Locate, in the data below, the line that contains "by rewrite sum_i in sum'i." and the line that contains "by rewrite mulnA."; reproduce exactly those two lines and every line between them, nothing more.

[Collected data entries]

= Beginning of Section =

(* Let $n$ be an odd squarefree positive integer. If $n\equiv 5$ or $7\pmod 8$, then $c_1(n)=0$. If $n\equiv 3\pmod 4$, then $c_2(n)=0$.
   Context: Define the formal power series $g(T)=T\prod_{k=1}^{\infty}(1-T^{8k})(1-T^{16k})\in\mathbb{Z}[[T]]$ and, for $j=1,2$, $\theta_j(T)=1+2\sum_{k=1}^{\infty}T^{2jk^2}$. For $j=1,2$ and an integer $n>0$, $c_j(n)$ denotes the coefficient of $T^n$ in the formal power series $g(T)\theta_j(T)$. *)

(* Formal power series over Z are handled through their
   truncations: the coefficient of T^n in an infinite product/sum of the
   given shape only depends on the factors/terms of degree <= n, so we
   compute it in the polynomial truncation with index range k <= N, N = n. *)
From mathcomp Require Import all_boot all_order all_algebra.
Set Implicit Arguments. Unset Strict Implicit. Unset Printing Implicit Defensive.
Import GRing.Theory.
Local Open Scope ring_scope.

Definition g_trunc (N : nat) : {poly int} :=
  'X * \prod_(1 <= k < N.+1) ((1 - 'X^(8 * k)) * (1 - 'X^(16 * k))).

Definition theta_trunc (j N : nat) : {poly int} :=
  1 + 2%:R * \sum_(1 <= k < N.+1) 'X^(2 * j * k ^ 2).

(* c_j(n) = coefficient of T^n in g(T) theta_j(T); the truncation at N = n
   is exact since all omitted factors are 1 + O(T^{n+1}) and omitted terms
   are O(T^{n+1}). *)
Definition c (j n : nat) : int := (g_trunc n * theta_trunc j n)`_n.

Definition squarefree (n : nat) : bool :=
  [forall p : 'I_n.+1, prime p ==> ~~ (p * p %| n)%N].

(* Call a polynomial supported on the residues rs modulo m when
   its coefficient of T^i vanishes unless i mod m lies in rs.  This notion is
   stable under sums, and a product of polynomials supported on rs1 and rs2
   is supported on the residue sums {(a + b) mod m | a in rs1, b in rs2}.
   Modulo 8, every factor (1 - T^(8k)) (1 - T^(16k)) lives on residue 0, so
   g = T * prod(...) lives on residue 1; since a square is 0 or 1 mod 4, each
   exponent 2 j k^2 of theta_j is 0 or 2j mod 8.  Hence g * theta_j lives on
   the residues {1, 1 + 2j} mod 8, i.e. {1, 3} for j = 1 and {1, 5} for j = 2,
   and c_j(n) vanishes whenever n mod 8 avoids them.  This covers
   n = 5, 7 (mod 8) for c_1 and n = 3 (mod 4) for c_2. *)
From mathcomp Require Import all_boot all_order all_algebra.
From mathcomp Require Import zify.
Set Implicit Arguments. Unset Strict Implicit. Unset Printing Implicit Defensive.
Import GRing.Theory.
Local Open Scope ring_scope.

Section ResidueSupport.
Variables (R : nzRingType) (m : nat).

Definition residue_support (rs : seq nat) (p : {poly R}) :=
  forall i, (i %% m)%N \notin rs -> p`_i = 0.

Lemma residue_support_sub rs1 rs2 p :
  {subset rs1 <= rs2} -> residue_support rs1 p -> residue_support rs2 p.
Proof. by move=> sub_rs supp i rs2'i; apply: supp; apply: contra rs2'i; apply: sub_rs. Qed.

Lemma residue_support0 rs : residue_support rs 0.
Proof. by move=> i _; rewrite coef0. Qed.

Lemma residue_supportD rs p q :
  residue_support rs p -> residue_support rs q -> residue_support rs (p + q).
Proof. by move=> supp suppq i rs'i; rewrite coefD supp ?suppq ?addr0. Qed.

Lemma residue_supportB rs p q :
  residue_support rs p -> residue_support rs q -> residue_support rs (p - q).
Proof. by move=> supp suppq i rs'i; rewrite coefB supp ?suppq ?subr0. Qed.

Lemma residue_supportMn rs p k :
  residue_support rs p -> residue_support rs (p *+ k).
Proof. by move=> supp i rs'i; rewrite coefMn supp ?mul0rn. Qed.

Lemma residue_support_Xn d : residue_support [:: (d %% m)%N] 'X^d.
Proof.
by move=> i; rewrite inE coefXn; case: (i =P d) => [->|//]; rewrite eqxx.
Qed.

Lemma residue_support1 : residue_support [:: 0%N] 1.
Proof. by have := residue_support_Xn (d := 0); rewrite mod0n expr0. Qed.

(* Residues add under multiplication: the coefficient of T^i in p * q is a
   sum of terms p_j q_(i-j), and i = j + (i - j) forces i mod m to be the
   sum of the residues of j and i - j. *)
Lemma residue_supportM rs1 rs2 p q :
  residue_support rs1 p -> residue_support rs2 q ->
  residue_support [seq (a + b) %% m | a <- rs1, b <- rs2]%N (p * q).
Proof.
move=> supp suppq i sum'i; rewrite coefM big1 // => -[j /= lt_j_i] _.
have le_j_i : (j <= i)%N by rewrite -ltnS.
have [rs1j|/supp->] := boolP ((j %% m)%N \in rs1); last by rewrite mul0r.
have [rs2ij|/suppq->] := boolP (((i - j) %% m)%N \in rs2); last by rewrite mulr0.
have sum_i : (i %% m)%N \in [seq (a + b) %% m | a <- rs1, b <- rs2]%N.
  by rewrite -(subnKC le_j_i) -modnDm; apply: allpairs_f.
by rewrite sum_i in sum'i.
Qed.

Lemma residue_support_prod (I : Type) (r : seq I) (P : pred I) (F : I -> {poly R}) :
  (forall k, P k -> residue_support [:: 0%N] (F k)) ->
  residue_support [:: 0%N] (\prod_(k <- r | P k) F k).
Proof.
move=> suppF; apply: (big_ind (residue_support [:: 0%N])) => //.
- exact: residue_support1.
- by move=> p q supp suppq; have := residue_supportM supp suppq; rewrite /= mod0n.
Qed.

Lemma residue_support_one_sub_Xn k : residue_support [:: 0%N] (1 - 'X^(m * k)).
Proof.
apply: residue_supportB.
- exact: residue_support1.
- by have := residue_support_Xn (d := m * k); rewrite mulnC modnMl.
Qed.

End ResidueSupport.

(* The modulus cannot be inferred from the monomial, so make it explicit. *)
Arguments residue_support_Xn {R} m d.
Arguments residue_support_one_sub_Xn {R} m k.

Lemma g_trunc_support N : residue_support 8 [:: 1%N] (g_trunc N).
Proof.
have prod_supp : residue_support 8 [:: 0%N]
    (\prod_(1 <= k < N.+1) ((1 - 'X^(8 * k)) * (1 - 'X^(16 * k))) : {poly int}).
  apply: residue_support_prod => k _.
  have := residue_supportM (residue_support_one_sub_Xn 8 k)
                           (residue_support_one_sub_Xn 8 (2 * k)).
  by rewrite mulnA.
by have := residue_supportM (residue_support_Xn 8 1) prod_supp.
Qed.

Lemma sqr_mod4 k : (k ^ 2 %% 4 \in [:: 0; 1])%N.
Proof.
rewrite -modnXm; have : (k %% 4 < 4)%N by rewrite ltn_mod.
by case: (k %% 4)%N => [|[|[|[|]]]].
Qed.

Lemma theta_exponent_mod8 j k : ((2 * j * k ^ 2) %% 8 \in [:: 0; (2 * j) %% 8])%N.
Proof.
have -> : (2 * j * k ^ 2 = (j * (k ^ 2 %/ 4)) * 8 + 2 * j * (k ^ 2 %% 4))%N.
  by rewrite {1}(divn_eq (k ^ 2) 4); lia.
rewrite modnMDl; have := sqr_mod4 k; rewrite !inE.
by case/orP => /eqP->; rewrite ?muln0 ?muln1 ?mod0n eqxx ?orbT.
Qed.

Lemma theta_trunc_support j N :
  residue_support 8 [:: 0%N; ((2 * j) %% 8)%N] (theta_trunc j N).
Proof.
rewrite /theta_trunc mulr_natl; apply: residue_supportD.
  apply: (@residue_support_sub _ _ [:: 0%N]); first by move=> r; rewrite !inE => ->.
  exact: residue_support1.
apply: residue_supportMn; apply: (big_ind (residue_support 8 _)).
- exact: residue_support0.
- exact: residue_supportD.
- move=> k _; apply: residue_support_sub (residue_support_Xn 8 _).
  by move=> r; rewrite inE => /eqP ->; apply: theta_exponent_mod8.
Qed.

Lemma c_eq0 j n :
  (n %% 8 \notin [seq (a + b) %% 8 | a <- [:: 1], b <- [:: 0; (2 * j) %% 8]])%N ->
  c j n = 0.
Proof. exact: residue_supportM (@g_trunc_support n) (@theta_trunc_support j n) n. Qed.

Theorem mainTheorem10 (n : nat) :
  (0 < n)%N -> odd n -> squarefree n ->
  ((n %% 8 == 5)%N || (n %% 8 == 7)%N -> c 1 n = 0%R) /\
  ((n %% 4 == 3)%N -> c 2 n = 0%R).
Proof.
move=> _ _ _; split => n_mod; apply: c_eq0; rewrite /= !inE.
- by case/orP: n_mod => /eqP ->.
- by move: n_mod; rewrite -(modn_dvdm n (_ : 4 %| 8)%N) //; lia.
Qed.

= End of Section =

◆ Reply:
by rewrite sum_i in sum'i.
Qed.

Lemma residue_support_prod (I : Type) (r : seq I) (P : pred I) (F : I -> {poly R}) :
  (forall k, P k -> residue_support [:: 0%N] (F k)) ->
  residue_support [:: 0%N] (\prod_(k <- r | P k) F k).
Proof.
move=> suppF; apply: (big_ind (residue_support [:: 0%N])) => //.
- exact: residue_support1.
- by move=> p q supp suppq; have := residue_supportM supp suppq; rewrite /= mod0n.
Qed.

Lemma residue_support_one_sub_Xn k : residue_support [:: 0%N] (1 - 'X^(m * k)).
Proof.
apply: residue_supportB.
- exact: residue_support1.
- by have := residue_support_Xn (d := m * k); rewrite mulnC modnMl.
Qed.

End ResidueSupport.

(* The modulus cannot be inferred from the monomial, so make it explicit. *)
Arguments residue_support_Xn {R} m d.
Arguments residue_support_one_sub_Xn {R} m k.

Lemma g_trunc_support N : residue_support 8 [:: 1%N] (g_trunc N).
Proof.
have prod_supp : residue_support 8 [:: 0%N]
    (\prod_(1 <= k < N.+1) ((1 - 'X^(8 * k)) * (1 - 'X^(16 * k))) : {poly int}).
  apply: residue_support_prod => k _.
  have := residue_supportM (residue_support_one_sub_Xn 8 k)
                           (residue_support_one_sub_Xn 8 (2 * k)).
  by rewrite mulnA.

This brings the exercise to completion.